In general, the ECM serves as the scaffold providing stability and structural integrity to tissues and organs [46]. Moreover, the ECM allows information exchange with cells for the regulation of various cellular activities [47]. The ECM in the blood vessels attributes to various functions. Most importantly, the vascular ECM is engaged in the mechanical properties of the blood vessel [48]. The blood vessel is capable of bearing the mechanical forces driven by the everflowing blood owing to the ECM.

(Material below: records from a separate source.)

Lemma DeltaX : Defs.Delta 'X = 'X + 'X%:P.
Proof. by rewrite /Defs.Delta (map_polyX (polyC \o polyC)) hornerX j1X. Qed.

Lemma odot_trop_hom f g beta : Hsub f -> Hsub g -> is_trop_hom embAA beta ->
  beta 'X = f 'X -> beta 'X%:P = g 'X -> odot f g (beta \o Defs.Delta).
Proof.
move=> [Gf fX_lt0] [Gg gX_lt0] beta_hom bX bXC.
split; first exact: trop_hom_Delta.
exists beta; split=> // p.
- by rewrite (Gan_eq Gf (trop_hom_j1 beta_hom) fX_lt0) //= j1X bX.
- by rewrite (Gan_eq Gg (trop_hom_j2 beta_hom) gX_lt0) //= bXC.
Qed.

Definition subst2 (A B : {poly {poly algC}}) :
    {rmorphism {poly {poly algC}} -> {poly {poly algC}}} :=
  horner_eval A \o map_poly (horner_eval B \o map_poly (polyC \o @polyC algC)).

Lemma subst2_embAA A B c : subst2 A B (embAA c) = embAA c.
Proof. by rewrite /subst2 /embAA /= map_polyC /= map_polyC /= /horner_eval !hornerC. Qed.

Lemma subst2X A B : subst2 A B 'X = A.
Proof. by rewrite /subst2 /= map_polyX /horner_eval hornerX. Qed.

Lemma subst2XC A B : subst2 A B 'X%:P = B.
Proof. by rewrite /subst2 /= map_polyC /= map_polyX /horner_eval hornerX hornerC. Qed.

Lemma gauss_pt2_X_subXC u v : (u <= v)%Re -> gauss_pt2 u v ('X - 'X%:P) = Some v.
Proof.
move=> uv; have [_ hom1 _ _ _] := gauss_pt2_trop_hom u v.
have -> : 'X - 'X%:P = 1 * 'X + (- 'X)%:P :> {poly {poly algC}} by rewrite mul1r polyCN.
rewrite /gauss_pt2 (gauss_cons _ (gauss_pt_Gan v)) -/(gauss_pt2 u v) hom1.
rewrite (trop_hom_N _ (gauss_pt_Gan v)) gauss_ptX.
apply: texp_inj; rewrite texp_tmax /= Rplus_0_r Rmax_left //.
exact: (proj1 (tle_texp (Some u) (Some v)) uv).
Qed.

(* When s = t = Some x, a value z <= x is attained by T1 - T2 and T2 at the
   point (z, x), and -oo by T1 and -T1. *)
Lemma thadd_gauss_pt2 s t a : thadd s t a ->
  exists u v A B, [/\ gauss_pt2 u v A = s, gauss_pt2 u v B = t & gauss_pt2 u v (A + B) = a].
Proof.
move=> Hsta; have val0 u v : gauss_pt2 u v 0 = None by case: (gauss_pt2_trop_hom u v).
case: (Req_dec (texp s) (texp t)) => [/texp_inj Est|Nst]; last first.
  have [u [A sA]] : exists u A, forall v, gauss_pt2 u v A = s.
    by case: s {Hsta Nst} => [x|]; [exists x, 'X => ?; rewrite gauss_pt2X | exists R0, 0].
  have [v [B tB]] : exists v B, forall u, gauss_pt2 u v B = t.
    by case: t {Hsta Nst} => [y|]; [exists y, 'X%:P => ?; rewrite gauss_pt2XC | exists R0, 0].
  exists u, v, A, B; split=> //; apply: (thadd_uniq (a := gauss_pt2 u v (A + B)) _ _ Hsta).
  - by move=> Est; apply: Nst; rewrite Est.
  - by rewrite -(sA v) -(tB u); case: (gauss_pt2_trop_hom u v) => _ _ _ hD _; apply: hD.
subst t; case: s Hsta => [x|] Hsta; last first.
  by exists R0, R0, 0, 0; rewrite addr0 val0; move/thadd0l: Hsta => ->.
case: a Hsta => [z|] Hsta.
  have zx : (z <= x)%Re by case: Hsta => [[_ //]|[]].
  exists z, x, ('X - 'X%:P), 'X%:P.
  by rewrite subrK gauss_pt2X gauss_pt2XC gauss_pt2_X_subXC.
exists x, x, 'X, (- 'X); rewrite addrN val0 gauss_pt2X; split=> //.
by rewrite (trop_hom_N _ (gauss_pt2_trop_hom x x)) gauss_pt2X.
Qed.

Lemma odot_thadd f g w : odot f g w -> thadd (f 'X) (g 'X) (w 'X).
Proof.
move=> [_ [beta [[_ _ _ betaD _] beta_j1 beta_j2 beta_Delta]]].
by rewrite beta_Delta DeltaX -beta_j1 -beta_j2 j1X; apply: betaD.
Qed.

Lemma odotE f g w : Hsub f -> Hsub g ->
  odot f g w <-> Hsub w /\ thadd (f 'X) (g 'X) (w 'X).
Proof.
move=> Hf Hg; split=> [fgw | [[Gw wX_lt0] fgwX]].
  have fgwX := odot_thadd fgw; split=> //; split; first by case: fgw.
  by apply: thadd_Tneg fgwX; [case: Hf | case: Hg].
have [u [v [A [B [uA vB uAB]]]]] := thadd_gauss_pt2 fgwX.
pose beta := gauss_pt2 u v \o subst2 A B.
have beta_hom : is_trop_hom embAA beta.
  exact: trop_hom_comp (subst2_embAA A B) (gauss_pt2_trop_hom u v).
have fgw' : odot f g (beta \o Defs.Delta).
  apply: (odot_trop_hom Hf Hg beta_hom).
  - rewrite -uA; exact: (congr1 (gauss_pt2 u v) (subst2X A B)).
  - rewrite -vB; exact: (congr1 (gauss_pt2 u v) (subst2XC A B)).
suff -> : w = beta \o Defs.Delta by [].
apply: Gan_eq Gw (trop_hom_Delta beta_hom) wX_lt0 _.
by rewrite -uAB /beta /comp DeltaX rmorphD subst2X subst2XC.
Qed.

Theorem proposition5p28 :
  hclosed Hsub odot /\
  is_hypergroup Hsub odot /\
  (forall h, Hsub h -> Tneg (h 'X)) /\
  (forall f g, Hsub f -> Hsub g -> f 'X = g 'X -> f = g) /\
  (forall a, Tneg a -> exists h, Hsub h /\ h 'X = a) /\
  (forall f g, Hsub f -> Hsub g ->
     forall a, (exists w, odot f g w /\ w 'X = a) <-> thadd (f 'X) (g 'X) a).
Proof.
have Hsub_inj f g : Hsub f -> Hsub g -> f 'X = g 'X -> f = g.
  by move=> [Gf fX_lt0] [Gg _]; apply: Gan_eq Gf Gg fX_lt0.
have Hsub_onto a : Tneg a -> exists2 h, Hsub h & h 'X = a.
  by move=> a_lt0; have [h Gh hX] := Gan_exists a; exists h; rewrite /Hsub ?hX.
have Hsub_hypergroup : is_hypergroup Hsub odot.
  apply: (is_hypergroup_transport (phi := fun h => h 'X)) Tneg_hypergroup => //.
    by move=> h [].
  by move=> f g w Hf Hg; apply: odotE.
split; first by case: Hsub_hypergroup.
split; first exact: Hsub_hypergroup.
split; first by move=> h [].
split; first exact: Hsub_inj.
split; first by move=> a /Hsub_onto [h]; exists h.
move=> f g Hf Hg a; split=> [[w [/odot_thadd fgw <-]] // | fga].
have [w Hw wX] := Hsub_onto a (thadd_Tneg (proj2 Hf) (proj2 Hg) fga).
by exists w; split=> //; apply/odotE; rewrite ?wX.
Qed.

There are a few factors affecting the wall ECM structure including wall shear and circumferential stress. Wall shear stress is defined as the frictional force per unit area and circumferential or hoop stress is the force acting tangentially to the circumference exerted by the circulating blood flow on the intimal surface of the blood vessel [49, 50]. This can be explained using the Hagen-Poiseuille equation (shear stress (\(\tau ) =32\eta Q/\pi {d}^{3}\), where \(\eta\) indicates the mean viscosity, \(Q\) indicates the mean blood flow rate, and \(d\) indicates the vessel diameter) and hoop stress formula (circumferential stress (\(\sigma ) = Pd/2w\), where P indicates the internal pressure and w indicates the wall thickness) [51, 52]. High degree of shear and circumferential stress results in increased vessel wall thickness and diameter to maintain the normal shear stress value [53]. On the contrary, low value of stresses reduces the vessel diameter leading to intimal hyperplasia [53]. Likewise, these environmental changes trigger cellular activities as well as the remodeling of the blood vessel.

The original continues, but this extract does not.